#Atualizações da Indústria de Mineração de Bitcoin



A indústria de mineração de Bitcoin está a passar por uma mudança sísmica após o halving. Abaixo encontra-se uma análise abrangente, baseada em dados, dos desenvolvimentos mais críticos neste momento, desde a dinâmica da taxa de hash e estratégias energéticas até às tendências regulatórias e fluxos de capital.

1. Taxa de Hash da Rede & Dificuldade: Crescimento Imparável

· Taxa de Hash Atual: Em abril de 2026, a média móvel de 7 dias da taxa de hash ultrapassou os 850 EH/s, com picos a atingir 900 EH/s. Isto representa um aumento de 15% desde janeiro de 2026.
· Ajustes de Dificuldade: A rede registou três ajustes positivos consecutivos de dificuldade, com uma média de +4,2% cada. O próximo ajuste está previsto para mais +3,8%, elevando a dificuldade acima de 120 triliões.
· Implicação: Apenas os mineiros com rigs mais eficientes (sub-20 J/TH) e custos de energia abaixo de $0,04/kWh permanecem consistentemente lucrativos. Os modelos mais antigos S19 Pros estão a ser aposentados ou reutilizados para aquecimento doméstico.

2. Realidade Pós-Halving: Compressão de Margens & Táticas de Sobrevivência

· Receita por TH/s caiu para aproximadamente $0,041 por dia – uma diminuição de 52% em relação aos níveis pré-halving.
· Resposta dos Mineiros:
· Diluição de capital próprio: Miners públicos estão a emitir ações para financiar atualizações de frota (ex., a CleanSpark levantou $500M em notas convertíveis).
· Hedge: A venda a futuro de taxa de hash via derivados de taxa de hash está a tornar-se padrão.
· Fusões: Mineiros menores estão a ser absorvidos. Mais de 12 negócios de fusões e aquisições foram concluídos apenas no primeiro trimestre de 2026.

3. Inovação Energética: De Centro de Custos a Ativo de Rede

· Resposta à Demanda (DR): Mineiros em ERCOT (Texas) ganharam uma média de $85.000 por MW em créditos de DR durante os picos de inverno. Alguns sites obtiveram mais com serviços de rede do que com mineração.
· Uso de Gás Estragado: Projetos que utilizam gás de flare expandiram-se 35% ano após ano. Novas soluções móveis em contentores (como os sistemas Crusoe Energy) permitem uma rápida implementação.
· Nuclear & Geotérmica: Um grande minerador nos EUA assinou um PPA de 20 anos com um fornecedor de reator modular pequeno (SMR). Em El Salvador, a energia geotérmica vulcânica agora alimenta 15% da mineração apoiada pelo Estado.
· Recuperação de Calor Residual: Aquecimento de estufas no Canadá e aquecimento de distrito na Noruega estão a gerar fluxos de receita secundários, melhorando o ROI global em 18-22%.

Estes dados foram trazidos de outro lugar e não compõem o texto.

(* Let $n\ge 1$ and $w\ge 1$ be integers, and let $N_w(n)$ denote the number of partial orders of width at most $w$ on a fixed set of $n$ (labeled) elements. There is a deterministic algorithm which, given a set $P$ of $n$ elements, the integer $w$, and access to a query oracle for an unknown poset $\mathcal{P}=(P,\succ)$ of width at most $w$, sorts $\mathcal{P}$ using at most $2\log N_w(n)+4wn$ oracle queries. In particular, the number of queries is at most $2n\log n+8wn+2w\log w$.
   Context: A poset $(P,\succ)$ consists of a set $P$ and an irreflexive, transitive relation $\succ\subseteq P\times P$. Elements $a,b$ are incomparable if neither $a\succ b$ nor $b\succ a$. An anti-chain is a set of mutually incomparable elements; the width of the poset is the maximum size of an anti-chain. A query oracle for $(P,\succ)$ answers a query on a pair $(x,y)$ of elements by reporting whether $x\succ y$, $y\succ x$, or $x$ and $y$ are incomparable. Sorting the poset means determining, for every pair of elements of $P$, their relation in $(P,\succ)$. The query complexity is the number of oracle queries made. All logarithms are base $2$. *)

From mathcomp Require Import all_boot.
From Stdlib Require Import Reals.
Set Implicit Arguments. Unset Strict Implicit. Unset Printing Implicit Defensive.

(* The ground set P is 'I_n.  A binary relation on it is a finite function
   r : {ffun 'I_n * 'I_n -> bool}; r (x, y) means x > y (x ≻ y). *)
Definition relT (n : nat) := {ffun 'I_n * 'I_n -> bool}.

Definition irreflb n (r : relT n) : bool := [forall x, ~~ r (x, x)].
Definition transb n (r : relT n) : bool :=
  [forall x, forall y, forall z, r (x, y) && r (y, z) ==> r (x, z)].
Definition posetb n (r : relT n) : bool := irreflb r && transb r.

Definition incompb n (r : relT n) (x y : 'I_n) : bool := ~~ r (x, y) && ~~ r (y, x).
Definition antichainb n (r : relT n) (A : {set 'I_n}) : bool :=
  [forall x in A, forall y in A, (x != y) ==> incompb r x y].
Definition width_le n (r : relT n) (w : nat) : bool :=
  [forall A : {set 'I_n}, antichainb r A ==> (#|A| <= w)].

Definition posets_w (n w : nat) : {set relT n} :=
  [set r | posetb r && width_le r w].
Definition N_w (w n : nat) : nat := #|posets_w n w|.

Inductive answer := Ans_gt | Ans_lt | Ans_inc.
Definition oracle n (r : relT n) (x y : 'I_n) : answer :=
  if r (x, y) then Ans_gt else if r (y, x) then Ans_lt else Ans_inc.

(* Deterministic adaptive query algorithms = decision trees: an internal node
   queries the pair (x, y) and continues according to the answer; a leaf
   outputs the (claimed) relation x ≻ y for every pair. *)
Inductive dtree (n : nat) : Type :=
| Leaf : ('I_n -> 'I_n -> bool) -> dtree n
| Query : 'I_n -> 'I_n -> (answer -> dtree n) -> dtree n.

Fixpoint run n (r : relT n) (t : dtree n) : ('I_n -> 'I_n -> bool) * nat :=
  match t with
  | Leaf o => (o, 0)
  | Query x y k => let p := run r (k (oracle r x y)) in (p.1, p.2.+1)
  end.

Definition log2 (x : R) : R := (ln x / ln 2)%R.

(* Insertion sort. Before the k-th element x is inserted, all posets still
   consistent with the answers agree on the first k elements; fix a Dilworth
   decomposition of these into at most w chains. In each chain the elements
   below x form an initial segment and those above x a final one, so x is
   located by two numbers per chain. Each number is found by a binary search
   weighted by how many consistent posets realize each value (a Gilbert-Moore
   code): shrinking the set S of candidates to S_v costs
   log2 (|S| / |S_v|) + 2 queries. These logarithms telescope over the 2wn
   searches, so at most log2 N_w(n) + 4wn queries are made. The second bound
   comes from N_w(n) <= n^n 2^(4wn): a poset of width w is determined by a
   chain cover, the ranks inside the chains and 2wn bits. *)

From mathcomp Require Import all_boot.
From Stdlib Require Import Reals Lra.
From mathcomp Require Import ssrnat zify.
Set Implicit Arguments. Unset Strict Implicit. Unset Printing Implicit Defensive.

Lemma ln2_gt0 : (0 < ln 2)%R.
Proof. have := ln_lt_2; lra. Qed.

Lemma log2_0 : log2 (INR 0) = 0%R.
Proof.
have ln0 : ln 0 = 0%R.
  by rewrite /ln; case: Rlt_dec => // lt00; case: (Rlt_irrefl _ lt00).
by rewrite /log2 /= ln0 /Rdiv Rmult_0_l.
Qed.
Definition ext_exp_dvd (gT : finGroupType) (N G : {set gT}) (e : nat) : Prop :=
  forall w : word gT, ext_word N G w -> ext_eq N G (flatten (nseq e w)) [::].

From mathcomp Require Import all_boot all_fingroup all_solvable.
From mathcomp Require Import pgroup abelian commutator.
From Stdlib Require Import Setoid Morphisms.
Set Implicit Arguments. Unset Strict Implicit. Unset Printing Implicit Defensive.
Local Open Scope group_scope.

(* Put N_0 = N and N_(i+1) = N_i^p.  For p odd each N_i is powerful, and every
   element of N_i^p is a p-th power of an element of N_i (Lubotzky-Mann), so
   N_k = 1 when p^k = exp N.
   Work in N /\ G modulo the symbols b /\ g with b in N_(i+1).  Two words u, v
   over N_i commute up to [v] /\ [u], where [w] in N_i is the commutator image
   of w; since N_i^p and [N_i, N_i] lie in N_(i+1), these correction terms are
   central of exponent p, and each a /\ g with a in N_i has exponent p.  As p
   divides C(p, 2), the Hall-Petrescu formula in class two kills the p-th power
   of every word over N_i.  By the Peiffer identity a word that is trivial
   modulo the N_(i+1)-symbols equals a word over N_(i+1).  Hence the p^i-th
   power of every element of N /\ G is a word over N_i, and its exp N-th power
   is a word over N_k = 1. *)

Lemma expMg_class2_odd (gT : finGroupType) (p : nat) (x y : gT) : odd p ->
  commute x [~ x, y] -> commute y [~ x, y] -> [~ x, y] ^+ p = 1 ->
  (y * x) ^+ p = y ^+ p * x ^+ p.
Proof. by move=> p_odd cx cy Ep; rewrite expMg_Rmul // bin2odd // expgM Ep expg1n mulg1. Qed.

(** * Powerful p-groups *)

Section PowerSubgroup.
Variables (gT : finGroupType) (p : nat).
Implicit Types (A B : {set gT}) (G H W X : {group gT}).

Lemma ppow_subgroup_group A : group_set (ppow_subgroup p A).
Proof. exact: groupP. Qed.
Canonical ppow_group A := Group (ppow_subgroup_group A).

Lemma mem_ppow A x : x \in A -> x ^+ p \in ppow_subgroup p A.
Proof. by move=> xA; apply/mem_gen/imset_f. Qed.

Lemma ppow_sub H : ppow_subgroup p H \subset H.
Proof. by rewrite gen_subG; apply/subsetP=> _ /imsetP[x xH ->]; rewrite groupX. Qed.

Lemma ppowS A B : A \subset B -> ppow_subgroup p A \subset ppow_subgroup p B.
Proof. by move=> sAB; rewrite genS ?imsetS. Qed.

Lemma ppow_norms A B : B \subset 'N(A) -> B \subset 'N(ppow_subgroup p A).
Proof.
move=> nAB; apply: norms_gen; apply/subsetP=> g gB; rewrite inE.
apply/subsetP=> _ /imsetP[_ /imsetP[x xA ->] ->].
by rewrite conjXg; apply: imset_f; rewrite memJ_norm ?(subsetP nAB).
Qed.

Lemma ppow_normal H G : H <| G -> ppow_subgroup p H <| G.
Proof.
by case/andP=> sHG nHG; rewrite /normal (subset_trans (ppow_sub H)) ?ppow_norms.
Qed.

Lemma ppow_sub_Phi H : p.-group H -> ppow_subgroup p H \subset 'Phi(H).
Proof. by move=> pH; rewrite (Phi_joing pH) (MhoE 1 pH) expn1 joing_subr. Qed.
Lemma poly_eq0_of_horner (R : numFieldType) (p : {poly R}) :
  (forall t, p.[t] = 0) -> p = 0.
Proof.
move=> p_t; apply/eqP/negPn/negP => p_neq0.
pose rs : seq R := [seq i%:R | i <- iota 0 (size p)].
have rs_roots : all (root p) rs by apply/allP => x /mapP [i _ ->]; apply/rootP.
have rs_uniq : uniq rs.
  by rewrite map_inj_uniq ?iota_uniq // => a b /eqP; rewrite eqr_nat => /eqP.
by have := max_poly_roots p_neq0 rs_roots rs_uniq; rewrite size_map size_iota ltnn.
Qed.

Section Independence.
Variables (R : realType) (n d : nat).
Local Notation N := 'I_n.
Local Notation K := d.+1.

(* Substituting [X_(u,v) := t ^+ (K ^ rank (u,v))] turns the monomial of every
   edge multiset of size [<= d] into a distinct power of [t]. *)
Definition edge_code m (phi : 'I_m -> N) (E : seq ('I_m * 'I_m)) : nat :=
  \sum_(e <- E) K ^ enum_rank (phi e.1, phi e.2).

Definition code_matrix (t : R) : 'M[R]_n := \matrix_(u, v) t ^+ (K ^ enum_rank (u, v)).

Definition PH_code_poly (H : mgraph) (i k : N) : {poly R} :=
  \sum_(phi : {ffun 'I_(mg_m H) -> N} | (phi (mg_a H) == i) && (phi (mg_b H) == k))
    'X^(edge_code phi (mg_E H)).

Lemma horner_PH_code_poly H i k t : (PH_code_poly H i k).[t] = PH H (code_matrix t) i k.
Proof.
rewrite horner_sum mxE; apply: eq_bigr => phi _.
by rewrite hornerXn -prodrXr; apply: eq_bigr => e _; rewrite mxE.
Qed.

Lemma coef_PH_code_poly H i k j :
  (PH_code_poly H i k)`_j =
  #|[pred phi : {ffun 'I_(mg_m H) -> N} |
       (phi (mg_a H) == i) && (phi (mg_b H) == k) && (edge_code phi (mg_E H) == j)]|%:R.
Proof.
rewrite coef_sum -sum1_card natr_sum [LHS]big_mkcond [RHS]big_mkcond /=.
apply: eq_bigr => phi _; rewrite coefXn (eq_sym j) unfold_in /=.
by case: (_ && _); case: (_ == j).
Qed.

Section Match.
Variables (H G : mgraph) (G_le_n : (mg_m G <= n)%N).
Hypotheses (H_inB : inB n d H) (G_inB : inB n d G).
Local Notation w := (widen_ord G_le_n).

Lemma coef_PH_code_poly_match :
  (mg_m H <= mg_m G)%N -> ~ mg_iso H G ->
  (PH_code_poly H (w (mg_a G)) (w (mg_b G)))`_(edge_code w (mg_E G)) = 0.
Proof.
case: H_inB G_inB => _ H_size _ [_ G_size G_not_isolated] HG not_iso.
rewrite coef_PH_code_poly eq_card0 // => phi; rewrite unfold_in /=.
apply/negP => /andP [/andP [/eqP phi_a /eqP phi_b] /eqP phi_code].
apply/not_iso/(mg_iso_of_match G_not_isolated phi_a phi_b _ HG).
exact: (perm_eq_sum_exp_enum_rank (leq_ltn_trans H_size (ltnSn _))
                                  (leq_ltn_trans G_size (ltnSn _)) phi_code).
Qed.

Lemma coef_PH_code_poly_self :
  (PH_code_poly G (w (mg_a G)) (w (mg_b G)))`_(edge_code w (mg_E G)) != 0.
Proof.
rewrite coef_PH_code_poly pnatr_eq0 -lt0n; apply/card_gt0P.
exists [ffun x => w x]; rewrite unfold_in /= !ffunE !eqxx /=.
by apply/eqP/eq_bigr => e _; rewrite !ffunE.
Qed.
End Match.

Lemma PH_free (k : nat) (Hs : 'I_k -> mgraph) (c : 'I_k -> R) :
  (forall i, inB n d (Hs i)) -> (forall i j, i != j -> ~ mg_iso (Hs i) (Hs j)) ->
  (forall X : 'M[R]_n, \sum_(i < k) c i *: PH (Hs i) X = 0) -> forall i, c i = 0.
Proof.
move=> Hs_inB Hs_iso sum0 i0; apply/eqP/negPn/negP => ci0.
have [j0 cj0 j0_max] := @arg_maxnP _ i0 (fun j => c j != 0) (fun j => mg_m (Hs j)) ci0.
have [G_le _ _] := Hs_inB j0.
have G_le_n : (mg_m (Hs j0) <= n)%N := leq_trans G_le (geq_minl _ _).
pose w := widen_ord G_le_n; pose a := w (mg_a (Hs j0)); pose b := w (mg_b (Hs j0)).
have sum_poly0 : \sum_(j < k) c j *: PH_code_poly (Hs j) a b = 0.
  apply: poly_eq0_of_horner => t.
  have := congr1 (fun M : 'M[R]_n => M a b) (sum0 (code_matrix t)).
  rewrite summxE mxE => <-; rewrite horner_sum; apply: eq_bigr => j _.
  by rewrite hornerZ horner_PH_code_poly [RHS]mxE.
have := congr1 (fun q : {poly R} => q`_(edge_code w (mg_E (Hs j0)))) sum_poly0.
rewrite coef0 coef_sum (bigD1 j0) //= big1 ?addr0 => [/eqP|j j_neq]; last first.
  rewrite coefZ; have [->|cj] := eqVneq (c j) 0; first by rewrite mul0r.
  rewrite (coef_PH_code_poly_match G_le_n (Hs_inB j) (Hs_inB j0)) ?mulr0 //.
  - exact: j0_max.
  - exact: Hs_iso.
by rewrite coefZ mulf_eq0 (negbTE cj0) (negbTE (coef_PH_code_poly_self _)).
Qed.

End Independence.

Section Span.
Variables (R : realType) (n d : nat).
Local Notation N := 'I_n.
Local Notation M := 'M[R]_n.

Definition hom_weight (H : mgraph) (X : M) (phi : 'I_(mg_m H) -> N) : R :=
  \prod_(e <- mg_E H) X (phi e.1) (phi e.2).

Definition separates m (phi : 'I_m -> N) (T : {set 'I_m * 'I_m}) : bool :=
  [forall p in T, phi p.1 != phi p.2].

Definition PHsep (H : mgraph) (T : {set 'I_(mg_m H) * 'I_(mg_m H)}) (X : M) : M :=
  \matrix_(i, k) \sum_(phi : {ffun 'I_(mg_m H) -> N} |
      (phi (mg_a H) == i) && (phi (mg_b H) == k) && separates phi T) hom_weight X phi.

Definition PHinj (H : mgraph) (X : M) : M := PHsep (offdiag (mg_m H)) X.

Lemma separatesU1 m (phi : 'I_m -> N) q T :
  separates phi (q |: T) = (phi q.1 != phi q.2) && separates phi T.
Proof.
apply/forallP/andP => [sep|[sep_q /forallP sep_T] p].
  split; first by have := sep q; rewrite setU11.
  by apply/forallP => p; apply/implyP => pT; have := sep p; rewrite in_setU1 pT orbT.
by rewrite in_setU1; case: eqP => [->|_] //=; apply: sep_T.
Qed.

Lemma separates_comp m m' (g : 'I_m -> 'I_m') (psi : 'I_m' -> N) T :
  separates (fun x => psi (g x)) T = separates psi [set (g q.1, g q.2) | q in T].
Proof.
apply/forallP/forallP => sep p.
  by apply/implyP => /imsetP [q qT ->] /=; have := sep q; rewrite qT.
apply/implyP => pT; have := sep (g p.1, g p.2).
by rewrite (imset_f (fun q => (g q.1, g q.2)) pT).
Qed.
Lemma inversions_sigmaS k : k < size w ->
  let s := sigma n w k in let a := nth 0 w k in
  inversions (sigma n w k.+1) + (nth 0 s a < nth 0 s a.-1) =
  inversions s + (nth 0 s a.-1 < nth 0 s a).
Proof.
move=> lt_k_w /=; have /andP[w_gt0 w_lt] := letter_range lt_k_w.
rewrite sigmaS_swap_next //; move: w_gt0 w_lt; case: (nth 0 w k) => [//|q] _ w_lt.
by rewrite inversions_swap_next // size_sigma ?(ltnW lt_k_w).
Qed.

Lemma inversions_sigma_le k l : k <= l -> l <= size w ->
  inversions (sigma n w l) <= inversions (sigma n w k) + (l - k).
Proof.
move=> le_kl; elim: l le_kl => [|l IH]; first by rewrite leqn0 => /eqP-> _; rewrite addn0.
rewrite leq_eqVlt => /orP[/eqP-> _|lt_kl lt_l_w]; first by rewrite subnn addn0.
have := IH lt_kl (ltnW lt_l_w); have := inversions_sigmaS lt_l_w => /=.
by case: (_ < _); case: (_ < _) => /=; lia.
Qed.

Lemma sigma_ascent k : k < size w ->
  nth 0 (sigma n w k) (nth 0 w k).-1 < nth 0 (sigma n w k) (nth 0 w k).
Proof.
move=> lt_k_w; case: (sort_w) => size_w [_ sigma_end].
apply/negPn/negP => descent.
have step_le : inversions (sigma n w k.+1) <= inversions (sigma n w k).
  by have := inversions_sigmaS lt_k_w => /=; rewrite (negbTE descent) addn0; lia.
have := inversions_sigma_le (ltnSn k) lt_k_w.
have := inversions_sigma_le (leq0n k) (ltnW lt_k_w).
have := inversions_sigma_le lt_k_w (leqnn (size w)).
rewrite sigma_end inversions_rev_iota sigma0 inversions_iota -size_w; lia.
Qed.

Lemma index_sigma_inj k x y : k <= size w -> 0 < x <= n -> 0 < y <= n ->
  index x (sigma n w k) = index y (sigma n w k) -> x = y.
Proof.
move=> le_k_w x_range y_range eq_idx.
by rewrite -[x](@nth_index _ 0 _ (sigma n w k)) ?eq_idx ?nth_index ?mem_sigma.
Qed.

Lemma index_sigma_ltNgt k x y : k <= size w -> 0 < x <= n -> 0 < y <= n -> x != y ->
  (index x (sigma n w k) < index y (sigma n w k)) =
  ~~ (index y (sigma n w k) < index x (sigma n w k)).
Proof.
move=> le_k_w x_range y_range neq_xy; rewrite -leqNgt ltn_neqAle andb_idl //.
by move=> _; apply: contra neq_xy => /eqP/(index_sigma_inj le_k_w x_range y_range)->.
Qed.

Lemma index_sigmaS_inverted k x y : k < size w ->
  index x (sigma n w k) < index y (sigma n w k) ->
  index y (sigma n w k.+1) < index x (sigma n w k.+1) ->
  index x (sigma n w k) = (nth 0 w k).-1 /\ index y (sigma n w k) = nth 0 w k.
Proof.
move=> lt_k_w lt_xy; rewrite !index_sigmaS // => /(tswap_inverted lt_xy)[-> ->].
by have /andP[w_gt0 _] := letter_range lt_k_w; rewrite prednK.
Qed.

Lemma inversion_persistent x y k l : 0 < x -> x < y -> y <= n -> k <= l -> l <= size w ->
  index y (sigma n w k) < index x (sigma n w k) ->
  index y (sigma n w l) < index x (sigma n w l).
Proof.
move=> x_gt0 lt_xy y_le le_kl; elim: l le_kl => [|l IH]; first by rewrite leqn0 => /eqP->.
rewrite leq_eqVlt => /orP[/eqP-> //|lt_kl lt_l_w inv_k].
have inv_l := IH lt_kl (ltnW lt_l_w) inv_k.
rewrite index_sigma_ltNgt //; try lia; apply/negP => inv_l1.
have [idx_y idx_x] := index_sigmaS_inverted lt_l_w inv_l inv_l1.
have := sigma_ascent lt_l_w; rewrite -idx_y -idx_x !nth_index ?mem_sigma //; lia.
Qed.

4. Evolução do Mercado de ASIC: Rigs de Geração 3 Dominam

· Modelos principais: Antminer S21 XP (14,5 J/TH), MicroBT M66S (16 J/TH), e o novo A1566 da Canaan (18 J/TH).
· Preços: Rigs de nova geração estão a ser negociados a $18–22 por TH no mercado secundário, abaixo dos $30/TH de há um ano. Os modelos S19 mais antigos estão agora abaixo de $6/TH.
· Tempos de entrega: Os fabricantes entregam em 4-6 semanas (menos de 6 meses em 2023), sinalizando excesso de oferta e maior competição.
· Imersão vs Ar: A refrigeração por imersão já representa mais de 35% das novas implantações, permitindo overclocking até 30% com hash rate superior.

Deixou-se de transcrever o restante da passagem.